Saved data entries:

○ ○ ○ ○

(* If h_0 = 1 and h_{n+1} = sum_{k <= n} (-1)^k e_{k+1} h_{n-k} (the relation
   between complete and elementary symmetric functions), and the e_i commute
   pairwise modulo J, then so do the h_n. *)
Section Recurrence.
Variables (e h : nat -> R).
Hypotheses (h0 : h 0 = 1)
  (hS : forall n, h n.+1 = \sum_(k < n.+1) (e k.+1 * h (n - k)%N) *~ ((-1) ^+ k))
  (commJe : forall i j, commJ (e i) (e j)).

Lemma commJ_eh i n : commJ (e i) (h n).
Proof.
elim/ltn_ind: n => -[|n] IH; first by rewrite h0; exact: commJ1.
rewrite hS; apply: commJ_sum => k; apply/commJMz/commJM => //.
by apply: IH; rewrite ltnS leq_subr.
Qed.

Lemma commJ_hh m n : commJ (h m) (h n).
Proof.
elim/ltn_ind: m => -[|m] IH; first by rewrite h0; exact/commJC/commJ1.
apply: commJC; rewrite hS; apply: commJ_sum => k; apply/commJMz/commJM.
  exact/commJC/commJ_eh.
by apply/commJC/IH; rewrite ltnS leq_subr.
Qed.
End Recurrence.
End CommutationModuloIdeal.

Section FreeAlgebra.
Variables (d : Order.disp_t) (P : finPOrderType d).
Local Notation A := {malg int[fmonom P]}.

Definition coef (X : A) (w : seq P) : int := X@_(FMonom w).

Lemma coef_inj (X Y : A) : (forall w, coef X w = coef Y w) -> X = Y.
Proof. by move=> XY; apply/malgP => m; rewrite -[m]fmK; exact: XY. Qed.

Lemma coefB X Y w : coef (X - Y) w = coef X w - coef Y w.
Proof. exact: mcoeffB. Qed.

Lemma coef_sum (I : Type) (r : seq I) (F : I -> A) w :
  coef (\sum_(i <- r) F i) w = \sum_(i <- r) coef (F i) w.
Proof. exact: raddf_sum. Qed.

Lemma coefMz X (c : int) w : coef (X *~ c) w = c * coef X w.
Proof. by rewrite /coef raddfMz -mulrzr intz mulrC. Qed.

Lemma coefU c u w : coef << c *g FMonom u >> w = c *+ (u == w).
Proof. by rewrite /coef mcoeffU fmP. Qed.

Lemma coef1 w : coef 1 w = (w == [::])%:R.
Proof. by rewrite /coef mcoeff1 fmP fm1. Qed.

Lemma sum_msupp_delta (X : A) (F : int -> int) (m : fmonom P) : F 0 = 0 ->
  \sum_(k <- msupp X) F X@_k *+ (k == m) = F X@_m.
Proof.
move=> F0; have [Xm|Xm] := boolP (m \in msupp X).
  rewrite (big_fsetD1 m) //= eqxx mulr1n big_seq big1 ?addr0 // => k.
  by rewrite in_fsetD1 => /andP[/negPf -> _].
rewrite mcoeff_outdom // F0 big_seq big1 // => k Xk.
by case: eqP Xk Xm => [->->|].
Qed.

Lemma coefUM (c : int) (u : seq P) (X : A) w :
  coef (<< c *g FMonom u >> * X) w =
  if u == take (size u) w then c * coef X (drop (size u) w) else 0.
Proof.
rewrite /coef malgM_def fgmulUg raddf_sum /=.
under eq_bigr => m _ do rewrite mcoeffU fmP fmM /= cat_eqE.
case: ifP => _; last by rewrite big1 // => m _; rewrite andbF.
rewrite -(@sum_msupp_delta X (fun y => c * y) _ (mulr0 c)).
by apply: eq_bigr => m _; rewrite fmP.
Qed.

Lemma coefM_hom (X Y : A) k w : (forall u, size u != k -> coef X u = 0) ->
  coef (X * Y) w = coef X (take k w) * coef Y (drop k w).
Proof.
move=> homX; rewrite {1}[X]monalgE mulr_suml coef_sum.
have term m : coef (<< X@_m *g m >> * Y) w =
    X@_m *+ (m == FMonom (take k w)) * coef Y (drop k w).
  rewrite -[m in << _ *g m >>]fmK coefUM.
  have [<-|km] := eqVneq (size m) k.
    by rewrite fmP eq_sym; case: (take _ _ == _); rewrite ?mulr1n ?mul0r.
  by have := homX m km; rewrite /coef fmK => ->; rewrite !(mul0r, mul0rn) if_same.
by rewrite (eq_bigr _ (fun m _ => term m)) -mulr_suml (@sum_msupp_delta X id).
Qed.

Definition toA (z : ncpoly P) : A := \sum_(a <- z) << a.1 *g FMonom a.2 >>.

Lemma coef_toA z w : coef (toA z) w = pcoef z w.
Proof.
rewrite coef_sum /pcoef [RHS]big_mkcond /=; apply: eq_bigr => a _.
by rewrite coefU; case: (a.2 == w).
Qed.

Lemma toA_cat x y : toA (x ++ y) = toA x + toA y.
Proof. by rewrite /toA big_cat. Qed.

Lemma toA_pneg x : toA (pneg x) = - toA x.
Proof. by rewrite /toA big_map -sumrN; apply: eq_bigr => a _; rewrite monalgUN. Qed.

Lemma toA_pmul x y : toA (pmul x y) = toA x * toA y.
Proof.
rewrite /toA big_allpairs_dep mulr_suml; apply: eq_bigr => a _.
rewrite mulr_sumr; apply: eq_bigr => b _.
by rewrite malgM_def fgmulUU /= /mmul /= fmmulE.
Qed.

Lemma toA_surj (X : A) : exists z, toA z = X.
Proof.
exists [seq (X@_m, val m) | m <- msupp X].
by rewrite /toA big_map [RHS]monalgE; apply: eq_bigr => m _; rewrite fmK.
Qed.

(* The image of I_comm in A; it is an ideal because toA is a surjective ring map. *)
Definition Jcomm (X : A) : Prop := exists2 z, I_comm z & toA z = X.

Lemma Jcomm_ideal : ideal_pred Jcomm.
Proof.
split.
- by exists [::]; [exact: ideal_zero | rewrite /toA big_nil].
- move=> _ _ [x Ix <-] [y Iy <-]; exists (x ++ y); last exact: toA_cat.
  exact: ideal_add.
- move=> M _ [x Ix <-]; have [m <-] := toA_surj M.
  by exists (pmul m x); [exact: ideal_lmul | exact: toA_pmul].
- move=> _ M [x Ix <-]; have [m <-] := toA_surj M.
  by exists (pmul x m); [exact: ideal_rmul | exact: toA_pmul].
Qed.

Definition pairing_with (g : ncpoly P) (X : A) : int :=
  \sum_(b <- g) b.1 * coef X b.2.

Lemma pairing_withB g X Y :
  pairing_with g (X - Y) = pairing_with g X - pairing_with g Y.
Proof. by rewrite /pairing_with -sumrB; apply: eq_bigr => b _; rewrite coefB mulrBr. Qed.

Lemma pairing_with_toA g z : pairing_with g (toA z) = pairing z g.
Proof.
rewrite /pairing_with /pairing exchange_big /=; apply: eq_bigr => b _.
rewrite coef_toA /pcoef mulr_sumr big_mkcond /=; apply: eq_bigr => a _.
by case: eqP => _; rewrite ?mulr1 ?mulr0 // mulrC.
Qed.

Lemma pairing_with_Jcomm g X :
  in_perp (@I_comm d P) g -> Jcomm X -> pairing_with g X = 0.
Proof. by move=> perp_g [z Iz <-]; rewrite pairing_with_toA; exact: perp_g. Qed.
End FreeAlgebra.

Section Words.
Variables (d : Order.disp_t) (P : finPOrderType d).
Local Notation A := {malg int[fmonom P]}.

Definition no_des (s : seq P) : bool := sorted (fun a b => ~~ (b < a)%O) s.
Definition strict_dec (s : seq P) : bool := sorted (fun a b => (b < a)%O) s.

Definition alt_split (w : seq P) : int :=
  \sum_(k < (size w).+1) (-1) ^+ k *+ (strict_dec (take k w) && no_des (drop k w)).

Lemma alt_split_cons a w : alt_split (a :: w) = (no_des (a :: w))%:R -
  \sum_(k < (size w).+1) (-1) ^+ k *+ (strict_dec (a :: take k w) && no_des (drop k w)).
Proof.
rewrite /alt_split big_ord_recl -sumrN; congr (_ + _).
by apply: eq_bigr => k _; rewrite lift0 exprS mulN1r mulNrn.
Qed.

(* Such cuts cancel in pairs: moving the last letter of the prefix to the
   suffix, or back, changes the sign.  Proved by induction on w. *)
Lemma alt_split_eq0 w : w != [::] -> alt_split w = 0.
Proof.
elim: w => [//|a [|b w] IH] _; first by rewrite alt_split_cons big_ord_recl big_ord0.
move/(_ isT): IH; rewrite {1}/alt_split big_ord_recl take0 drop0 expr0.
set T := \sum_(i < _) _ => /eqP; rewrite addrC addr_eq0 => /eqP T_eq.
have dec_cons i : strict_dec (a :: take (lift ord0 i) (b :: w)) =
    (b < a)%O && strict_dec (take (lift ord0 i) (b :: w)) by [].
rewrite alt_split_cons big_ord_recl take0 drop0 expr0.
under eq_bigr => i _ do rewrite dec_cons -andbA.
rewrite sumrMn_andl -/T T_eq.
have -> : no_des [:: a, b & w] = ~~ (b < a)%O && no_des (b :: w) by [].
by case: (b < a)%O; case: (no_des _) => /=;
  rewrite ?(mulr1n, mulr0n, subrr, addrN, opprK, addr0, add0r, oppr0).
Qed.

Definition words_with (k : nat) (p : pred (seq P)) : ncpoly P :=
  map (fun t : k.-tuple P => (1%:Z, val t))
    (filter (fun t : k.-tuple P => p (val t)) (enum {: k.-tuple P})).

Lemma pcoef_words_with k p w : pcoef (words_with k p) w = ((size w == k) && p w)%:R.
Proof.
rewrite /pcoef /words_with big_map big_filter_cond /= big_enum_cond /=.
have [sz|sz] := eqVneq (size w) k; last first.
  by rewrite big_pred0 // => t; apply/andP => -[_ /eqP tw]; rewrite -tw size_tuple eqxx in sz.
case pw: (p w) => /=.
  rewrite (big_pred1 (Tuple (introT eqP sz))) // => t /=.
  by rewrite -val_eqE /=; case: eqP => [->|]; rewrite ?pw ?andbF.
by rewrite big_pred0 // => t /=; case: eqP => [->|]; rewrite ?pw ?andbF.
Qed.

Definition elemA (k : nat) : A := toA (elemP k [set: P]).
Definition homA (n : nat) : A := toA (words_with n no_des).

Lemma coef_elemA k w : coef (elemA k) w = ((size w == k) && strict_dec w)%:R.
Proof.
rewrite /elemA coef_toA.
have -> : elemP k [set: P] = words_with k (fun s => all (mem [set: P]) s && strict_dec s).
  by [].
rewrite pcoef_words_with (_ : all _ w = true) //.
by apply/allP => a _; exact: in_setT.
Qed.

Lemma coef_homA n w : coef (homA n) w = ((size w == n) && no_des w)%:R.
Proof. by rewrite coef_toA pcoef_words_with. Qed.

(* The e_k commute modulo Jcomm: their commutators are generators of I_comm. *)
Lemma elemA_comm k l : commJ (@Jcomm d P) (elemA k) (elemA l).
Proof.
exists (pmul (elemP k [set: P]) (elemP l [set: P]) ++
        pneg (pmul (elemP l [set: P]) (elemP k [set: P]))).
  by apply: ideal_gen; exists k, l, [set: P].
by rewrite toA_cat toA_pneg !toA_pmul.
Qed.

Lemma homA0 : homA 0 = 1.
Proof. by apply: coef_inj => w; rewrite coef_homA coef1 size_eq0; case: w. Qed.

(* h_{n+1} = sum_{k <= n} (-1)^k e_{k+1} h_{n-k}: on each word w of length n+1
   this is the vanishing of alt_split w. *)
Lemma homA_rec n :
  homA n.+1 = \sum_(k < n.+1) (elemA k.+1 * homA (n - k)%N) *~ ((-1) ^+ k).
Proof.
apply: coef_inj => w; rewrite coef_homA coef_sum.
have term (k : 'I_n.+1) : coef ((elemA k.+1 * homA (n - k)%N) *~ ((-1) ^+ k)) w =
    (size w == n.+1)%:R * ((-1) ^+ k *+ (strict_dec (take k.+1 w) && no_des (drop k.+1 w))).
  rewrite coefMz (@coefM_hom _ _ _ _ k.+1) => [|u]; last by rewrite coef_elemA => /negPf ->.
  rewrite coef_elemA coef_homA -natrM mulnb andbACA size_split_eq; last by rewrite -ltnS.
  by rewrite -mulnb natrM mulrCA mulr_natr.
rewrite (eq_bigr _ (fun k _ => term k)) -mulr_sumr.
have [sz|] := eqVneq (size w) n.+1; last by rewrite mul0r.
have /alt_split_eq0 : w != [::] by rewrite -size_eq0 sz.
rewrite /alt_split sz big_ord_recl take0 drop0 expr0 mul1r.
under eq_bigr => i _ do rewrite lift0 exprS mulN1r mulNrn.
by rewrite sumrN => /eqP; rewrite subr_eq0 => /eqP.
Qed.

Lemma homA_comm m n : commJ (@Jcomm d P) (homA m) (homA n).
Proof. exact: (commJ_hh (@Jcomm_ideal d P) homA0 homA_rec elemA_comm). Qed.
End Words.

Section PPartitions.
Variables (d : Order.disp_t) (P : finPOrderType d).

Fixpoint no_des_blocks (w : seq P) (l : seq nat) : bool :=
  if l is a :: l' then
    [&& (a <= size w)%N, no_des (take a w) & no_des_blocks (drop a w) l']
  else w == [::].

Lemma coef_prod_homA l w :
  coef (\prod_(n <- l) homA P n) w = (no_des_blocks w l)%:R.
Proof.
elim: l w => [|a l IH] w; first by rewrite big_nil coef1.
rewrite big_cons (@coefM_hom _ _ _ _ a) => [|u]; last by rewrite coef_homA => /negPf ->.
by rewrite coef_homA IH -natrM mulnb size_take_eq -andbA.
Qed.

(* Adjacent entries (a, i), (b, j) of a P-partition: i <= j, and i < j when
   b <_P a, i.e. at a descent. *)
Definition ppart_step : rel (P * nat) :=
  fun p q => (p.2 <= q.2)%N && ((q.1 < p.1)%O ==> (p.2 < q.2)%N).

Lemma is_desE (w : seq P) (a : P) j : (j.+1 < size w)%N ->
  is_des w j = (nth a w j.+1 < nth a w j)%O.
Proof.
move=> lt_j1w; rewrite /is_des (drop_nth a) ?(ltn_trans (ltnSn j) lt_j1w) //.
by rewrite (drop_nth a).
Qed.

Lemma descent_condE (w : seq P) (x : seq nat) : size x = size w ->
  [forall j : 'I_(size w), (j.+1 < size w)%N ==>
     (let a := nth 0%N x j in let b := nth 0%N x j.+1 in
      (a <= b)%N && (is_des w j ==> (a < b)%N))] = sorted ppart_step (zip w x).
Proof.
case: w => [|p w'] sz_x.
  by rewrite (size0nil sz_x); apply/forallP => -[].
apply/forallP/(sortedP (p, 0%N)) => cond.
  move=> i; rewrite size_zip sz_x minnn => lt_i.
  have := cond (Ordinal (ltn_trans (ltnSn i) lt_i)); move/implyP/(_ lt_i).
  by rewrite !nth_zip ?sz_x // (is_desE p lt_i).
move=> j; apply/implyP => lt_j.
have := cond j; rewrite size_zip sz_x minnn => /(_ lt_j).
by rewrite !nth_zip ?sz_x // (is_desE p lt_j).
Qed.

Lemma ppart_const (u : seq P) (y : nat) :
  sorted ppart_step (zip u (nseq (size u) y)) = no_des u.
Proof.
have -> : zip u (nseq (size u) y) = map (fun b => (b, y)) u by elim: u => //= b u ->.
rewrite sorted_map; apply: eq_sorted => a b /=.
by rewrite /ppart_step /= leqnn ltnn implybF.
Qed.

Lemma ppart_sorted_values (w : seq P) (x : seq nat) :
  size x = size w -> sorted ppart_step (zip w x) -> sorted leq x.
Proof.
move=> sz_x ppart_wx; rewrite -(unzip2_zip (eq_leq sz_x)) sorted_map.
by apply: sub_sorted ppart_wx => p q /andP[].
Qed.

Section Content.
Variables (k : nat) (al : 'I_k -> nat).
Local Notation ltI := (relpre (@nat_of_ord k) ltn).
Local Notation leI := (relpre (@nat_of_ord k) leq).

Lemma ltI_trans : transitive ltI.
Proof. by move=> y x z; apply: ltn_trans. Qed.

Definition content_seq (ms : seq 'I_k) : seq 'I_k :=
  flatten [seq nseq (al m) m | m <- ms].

○ ○ ○ ○

_What the task asks_: Exactly the lines above from the one with "rewrite /pcoef /words_with" to the one with "rewrite (eq_bigr _ (fun k", both included, are to be quoted; leave the rest out.

_Reply to the exercise_:
rewrite /pcoef /words_with big_map big_filter_cond /= big_enum_cond /=.
have [sz|sz] := eqVneq (size w) k; last first.
  by rewrite big_pred0 // => t; apply/andP => -[_ /eqP tw]; rewrite -tw size_tuple eqxx in sz.
case pw: (p w) => /=.
  rewrite (big_pred1 (Tuple (introT eqP sz))) // => t /=.
  by rewrite -val_eqE /=; case: eqP => [->|]; rewrite ?pw ?andbF.
by rewrite big_pred0 // => t /=; case: eqP => [->|]; rewrite ?pw ?andbF.
Qed.

Definition elemA (k : nat) : A := toA (elemP k [set: P]).
Definition homA (n : nat) : A := toA (words_with n no_des).

Lemma coef_elemA k w : coef (elemA k) w = ((size w == k) && strict_dec w)%:R.
Proof.
rewrite /elemA coef_toA.
have -> : elemP k [set: P] = words_with k (fun s => all (mem [set: P]) s && strict_dec s).
  by [].
rewrite pcoef_words_with (_ : all _ w = true) //.
by apply/allP => a _; exact: in_setT.
Qed.

Lemma coef_homA n w : coef (homA n) w = ((size w == n) && no_des w)%:R.
Proof. by rewrite coef_toA pcoef_words_with. Qed.

(* The e_k commute modulo Jcomm: their commutators are generators of I_comm. *)
Lemma elemA_comm k l : commJ (@Jcomm d P) (elemA k) (elemA l).
Proof.
exists (pmul (elemP k [set: P]) (elemP l [set: P]) ++
        pneg (pmul (elemP l [set: P]) (elemP k [set: P]))).
  by apply: ideal_gen; exists k, l, [set: P].
by rewrite toA_cat toA_pneg !toA_pmul.
Qed.

Lemma homA0 : homA 0 = 1.
Proof. by apply: coef_inj => w; rewrite coef_homA coef1 size_eq0; case: w. Qed.

(* h_{n+1} = sum_{k <= n} (-1)^k e_{k+1} h_{n-k}: on each word w of length n+1
   this is the vanishing of alt_split w. *)
Lemma homA_rec n :
  homA n.+1 = \sum_(k < n.+1) (elemA k.+1 * homA (n - k)%N) *~ ((-1) ^+ k).
Proof.
apply: coef_inj => w; rewrite coef_homA coef_sum.
have term (k : 'I_n.+1) : coef ((elemA k.+1 * homA (n - k)%N) *~ ((-1) ^+ k)) w =
    (size w == n.+1)%:R * ((-1) ^+ k *+ (strict_dec (take k.+1 w) && no_des (drop k.+1 w))).
  rewrite coefMz (@coefM_hom _ _ _ _ k.+1) => [|u]; last by rewrite coef_elemA => /negPf ->.
  rewrite coef_elemA coef_homA -natrM mulnb andbACA size_split_eq; last by rewrite -ltnS.
  by rewrite -mulnb natrM mulrCA mulr_natr.
rewrite (eq_bigr _ (fun k _ => term k)) -mulr_sumr.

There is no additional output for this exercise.